TASK REQUIREMENTS: Compute the number of lines in the following data that include the word "match", and output that number alone.

=== GIVEN RECORDS ===

(* Let $n\ge0$ and $\tau\in Y_n$. Then $\tau$ splits if and only if $\tau\in Y^{be}\cup Y^{bo}$. In particular, for $n\ge0$, $$\varphi(Y^{be}_{2n})=\{P\in\mathrm{NCP}_{2n}: P=Q_1\cup Q_2\text{ for some }Q_1,Q_2\in\mathrm{NCP}_n\}.$$
   Context: Planar binary trees: $Y_0=\{|\}$, $Y_n=\{\sigma\vee\tau:\sigma\in Y_k,\tau\in Y_l,k+l=n-1\}$ ($\sigma\vee\tau$: root with left subtree $\sigma$, right subtree $\tau$). The internal vertices of $\tau\in Y_n$ are numbered $1,\dots,n$ in left-to-right order (recursively: vertices of left subtree, root, vertices of right subtree). A right arm of $\tau$ is a class of the equivalence relation on vertices generated by ''$x$ is the right child of $y$''. $\tau$ splits if every right arm consists of numbers of the same parity. $Y^{be}$ and $Y^{bo}$ are defined jointly recursively by $Y^{be}=\{|\}\cup\{\sigma\vee\rho:\sigma\in Y^{bo},\rho\in Y^{be}\}$ and $Y^{bo}=\{\sigma\vee\rho:\sigma,\rho\in Y^{be}\}$; all trees in $Y^{be}$ have an even number of vertices and those in $Y^{bo}$ an odd number; $Y^{be}_{2n}$ is the set of elements of $Y^{be}$ with $2n$ vertices. $\mathrm{NCP}_n$: noncrossing partitions of $[n]$. For partitions $Q_1,Q_2$ of $[n]$, $Q_1\cup Q_2$ is the partition of $[2n]$ with blocks $\{2i-1:i\in V\}$ ($V\in Q_1$) and $\{2i:i\in W\}$ ($W\in Q_2$). $\varphi:Y\to\mathrm{NCP}$ sends $\tau\in Y_n$ to the partition of $[n]$ whose blocks are the right arms of $\tau$ (equivalently $\varphi(|)=\emptyset$, $\varphi(\sigma\vee\tau)=\varphi(\sigma)*(|\,\underline*\,\varphi(\tau))$, with $*$ concatenation and $\underline*$ concatenation followed by merging the blocks containing the last elements of each part). *)

From mathcomp Require Import all_boot.
Set Implicit Arguments. Unset Strict Implicit. Unset Printing Implicit Defensive.

(* Planar binary trees: Leaf = |, Node s t = s \/ t. *)
Inductive tree : Type := Leaf | Node of tree & tree.

Fixpoint tree_size (t : tree) : nat :=
  match t with Leaf => 0 | Node l r => (tree_size l + tree_size r).+1 end.

(* Convention: internal vertices are numbered 0,...,n-1 (in-order, i.e. left
   subtree, root, right subtree); vertex k here is vertex k+1 of the paper.
   [rchild_pairs t off] lists the pairs (y, x) such that x is the right child
   of y, with numbering shifted by [off]. *)
Fixpoint rchild_pairs (t : tree) (off : nat) : seq (nat * nat) :=
  match t with
  | Leaf => [::]
  | Node l r =>
      let root := off + tree_size l in
      rchild_pairs l off ++ rchild_pairs r root.+1 ++
      match r with
      | Leaf => [::]
      | Node rl _ => [:: (root, root.+1 + tree_size rl)]
      end
  end.

Definition rc_sym (t : tree) (m : nat) : rel 'I_m :=
  fun x y => ((val y, val x) \in rchild_pairs t 0) || ((val x, val y) \in rchild_pairs t 0).
Arguments rc_sym t m : clear implicits.

Definition phiN (t : tree) (m : nat) : {set {set 'I_m}} :=
  [set [set y : 'I_m | connect (rc_sym t m) x y] | x : 'I_m].
Arguments phiN t m : clear implicits.

Definition phi (t : tree) : {set {set 'I_(tree_size t)}} := phiN t (tree_size t).

(* tau splits: every right arm consists of numbers of the same parity
   (the 0-based shift does not affect "same parity"). *)
Definition splits (t : tree) : Prop :=
  forall B, B \in phi t -> forall x y : 'I_(tree_size t), x \in B -> y \in B -> odd x = odd y.

Inductive Ybe : tree -> Prop :=
  | Ybe_leaf : Ybe Leaf
  | Ybe_node s r : Ybo s -> Ybe r -> Ybe (Node s r)
with Ybo : tree -> Prop :=
  | Ybo_node s r : Ybe s -> Ybe r -> Ybo (Node s r).

Definition noncrossing (m : nat) (P : {set {set 'I_m}}) : Prop :=
  forall (a b c d : 'I_m) (B B' : {set 'I_m}),
    a < b -> b < c -> c < d -> B \in P -> B' \in P ->
    a \in B -> c \in B -> b \in B' -> d \in B' -> B = B'.

Definition NCP (m : nat) (P : {set {set 'I_m}}) : Prop :=
  partition P [set: 'I_m] /\ noncrossing P.

(* Q1 \cup Q2 : blocks {2i-1 : i in V} (V in Q1) and {2i : i in W} (W in Q2);
   0-based: paper's 2i-1 (i=1..n) is 2j (j=0..n-1), paper's 2i is 2j+1. *)
Definition emb_odd (n : nat) (V : {set 'I_n}) : {set 'I_(n.*2)} :=
  [set j : 'I_(n.*2) | [exists i in V, val j == (val i).*2]].
Definition emb_even (n : nat) (W : {set 'I_n}) : {set 'I_(n.*2)} :=
  [set j : 'I_(n.*2) | [exists i in W, val j == (val i).*2.+1]].

Definition pcup (n : nat) (Q1 Q2 : {set {set 'I_n}}) : {set {set 'I_(n.*2)}} :=
  [set emb_odd V | V in Q1] :|: [set emb_even W | W in Q2].

From mathcomp Require Import all_boot zify.

Set Implicit Arguments. Unset Strict Implicit. Unset Printing Implicit Defensive.

(* Numbering the vertices in order, the right arm through x ends at
   [arm_last t 0 x], the last vertex of the subtree rooted at x; the right arms are
   the fibres of this map, and since every vertex between x and arm_last x lies
   in the right subtree of x, they form a noncrossing partition.  In [Node l r]
   the arm of the root runs from |l| to |l| + |r|, so a tree splits iff every
   right subtree has even size, which characterises Y^be (even size) and Y^bo
   (odd size).  Conversely every noncrossing partition of [0, m) is the
   partition into right arms of some tree: the root is the first element of the
   block of m - 1, and one recurses on both sides of it.  Finally a partition of
   [0, 2n) all of whose blocks have constant parity is the union of its
   restrictions to the even and to the odd numbers. *)

Fixpoint arm_last (t : tree) (off x : nat) : nat :=
  match t with
  | Leaf => x
  | Node l r =>
      let root := off + tree_size l in
      if x < root then arm_last l off x
      else if x == root then root + tree_size r
      else arm_last r root.+1 x
  end.

Lemma arm_last_bounds t off x : off <= x < off + tree_size t ->
  x <= arm_last t off x < off + tree_size t.
Proof.
elim: t off x => [|l IHl r IHr] off x /=; first lia.
move=> Hx; case: (ltnP x (off + tree_size l)) => [lt_x|ge_x].
  by have := IHl off x; lia.
case: eqP => [|ne_x]; first lia.
by have := IHr (off + tree_size l).+1 x; lia.
Qed.

Lemma rchild_pairs_arm_last t off (a b : nat) : (a, b) \in rchild_pairs t off ->
  [/\ off <= a, a < b, b < off + tree_size t & arm_last t off a = arm_last t off b].
Proof.
elim: t off => [|l IHl r IHr] off //=.
rewrite !mem_cat => /or3P [/IHl [h1 h2 h3 ->] | /IHr [h1 h2 h3 h4] | ].
- by rewrite h3 (ltn_trans h2 h3); split=> //; lia.
- have [-> ->] : (a < off + tree_size l) = false /\ (b < off + tree_size l) = false.
    by split; lia.
  have [-> ->] : (a == off + tree_size l) = false /\ (b == off + tree_size l) = false.
    by split; lia.
  by rewrite h4; split=> //; lia.
- case: r {IHr} => [|rl rr] //; rewrite inE => /eqP [-> ->] /=.
  set c := _.+1 + _; rewrite ltnn eqxx.
  have [-> ->] : (c < off + tree_size l) = false /\ (c == off + tree_size l) = false.
    by split; lia.
  by rewrite ltnn eqxx; split; lia.
Qed.

Lemma arm_last_rchild t off (x : nat) : off <= x < off + tree_size t ->
  x < arm_last t off x -> exists y, (x, y) \in rchild_pairs t off.
Proof.
elim: t off x => [|l IHl r IHr] off x /=; first lia.
move=> Hx; case: (ltnP x (off + tree_size l)) => [lt_x /(IHl off x) [|y Hy]|ge_x]; first lia.
  by exists y; rewrite mem_cat Hy.
case: eqP => [-> | ne_x /(IHr (off + tree_size l).+1 x) [|y Hy]]; last 2 first.
- lia.
- by exists y; rewrite !mem_cat Hy orbT.
case: r {IHr Hx} => [|rl rr] /=; first by rewrite addn0 ltnn.
by exists ((off + tree_size l).+1 + tree_size rl); rewrite !mem_cat mem_head !orbT.
Qed.

Lemma arm_last_le t off x z : off <= x < off + tree_size t ->
  x <= z <= arm_last t off x -> arm_last t off z <= arm_last t off x.
Proof.
elim: t off x z => [|l IHl r IHr] off x z /=; first lia.
move=> Hx; case: (ltnP x (off + tree_size l)) => [lt_x Hz|ge_x].
  have bnd : x <= arm_last l off x < off + tree_size l by apply: arm_last_bounds; lia.
  have -> : z < off + tree_size l by lia.
  by apply: IHl; lia.
case: eqP => [eq_x Hz | ne_x Hz].
  case: ltnP => [|ge_z]; first lia.
  case: eqP => [|ne_z]; first lia.
  suff : z <= arm_last r (off + tree_size l).+1 z < (off + tree_size l).+1 + tree_size r by lia.
  by apply: arm_last_bounds; lia.
have -> : z < off + tree_size l = false by lia.
have -> : (z == off + tree_size l) = false by lia.
by apply: IHr; lia.
Qed.

Lemma arm_last_idem t x : x < tree_size t ->
  arm_last t 0 (arm_last t 0 x) = arm_last t 0 x.
Proof.
move=> lt_x; have bnd := @arm_last_bounds t 0 x ltac:(lia).
have := @arm_last_bounds t 0 (arm_last t 0 x) ltac:(lia).
have := @arm_last_le t 0 x (arm_last t 0 x) ltac:(lia) ltac:(lia).
lia.
Qed.

Definition noncrossing_fun (T : eqType) (m : nat) (g : nat -> T) : Prop :=
  forall a b c d, a < b -> b < c -> c < d -> d < m ->
    g a = g c -> g b = g d -> g a = g b.

Definition parity_uniform (T : eqType) (m : nat) (g : nat -> T) : Prop :=
  forall x y, x < m -> y < m -> g x = g y -> odd x = odd y.

Lemma noncrossing_fun_comp (T : eqType) m m' (g : nat -> T) (h : nat -> nat) :
  {homo h : x y / x < y} -> (forall x, x < m' -> h x < m) ->
  noncrossing_fun m g -> noncrossing_fun m' (g \o h).
Proof. by move=> h_mono h_lt g_nc a b c d ab bc cd dm; apply: g_nc; auto. Qed.

Lemma arm_last_noncrossing t : noncrossing_fun (tree_size t) (arm_last t 0).
Proof.
move=> a b c d ab bc cd dm ac bd.
have := @arm_last_bounds t 0 a ltac:(lia); have := @arm_last_bounds t 0 b ltac:(lia).
have := @arm_last_bounds t 0 c ltac:(lia); have := @arm_last_bounds t 0 d ltac:(lia).
have := @arm_last_le t 0 a b ltac:(lia); have := @arm_last_le t 0 b c ltac:(lia).
lia.
Qed.

Section RightArms.
Variables (t : tree) (m : nat).
Hypothesis size_t : tree_size t = m.

Lemma connect_arm_last (x : 'I_m) (z : 'I_m) :
  val z = arm_last t 0 x -> connect (rc_sym t m) x z.
Proof.
have [k] := ubnP (arm_last t 0 x - x); elim: k x => // k IHk x lt_k eq_z.
have lt_xm := ltn_ord x.
have bnd := @arm_last_bounds t 0 x ltac:(lia).
have [le_x | lt_x] := leqP (arm_last t 0 x) x.
  by have -> : z = x by apply: val_inj; rewrite /= eq_z; lia.
have [y x_y] := @arm_last_rchild t 0 x ltac:(lia) lt_x.
have [_ lt_xy lt_y eq_xy] := rchild_pairs_arm_last x_y.
have lt_ym : y < m by lia.
apply: connect_trans (connect1 _) (IHk (Ordinal lt_ym) _ _); last by rewrite /= -eq_xy.
  by rewrite /rc_sym /= x_y orbT.
by rewrite /= -eq_xy; lia.
Qed.

Lemma connect_rc_sym (x y : 'I_m) :
  connect (rc_sym t m) x y = (arm_last t 0 x == arm_last t 0 y).
Proof.
have sym_rc : connect_sym (rc_sym t m) by apply: sym_connect_sym => u v; rewrite /rc_sym orbC.
apply/idP/eqP => [|eq_xy].
  pose arm := [pred z : 'I_m | arm_last t 0 z == arm_last t 0 x].
  have arm_closed : closed (rc_sym t m) arm.
    by move=> u v /orP [] /rchild_pairs_arm_last [_ _ _ eq_uv]; rewrite !inE eq_uv.
  by move/(closed_connect arm_closed); rewrite !inE eqxx => /esym/eqP.
have lt_xm := ltn_ord x.
have lt_last : arm_last t 0 x < m by have := @arm_last_bounds t 0 x ltac:(lia); lia.
apply: (connect_trans (connect_arm_last (z := Ordinal lt_last) _)) => //.
by rewrite sym_rc; apply: connect_arm_last; rewrite /= eq_xy.
Qed.

End RightArms.

Definition fun_partition (T : eqType) (m : nat) (g : nat -> T) : {set {set 'I_m}} :=
  preim_partition (fun i : 'I_m => g i) [set: 'I_m].

Section FunPartition.
Variables (T : eqType) (m : nat) (g : nat -> T).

===

SOLUTION TO THE PROBLEM: 4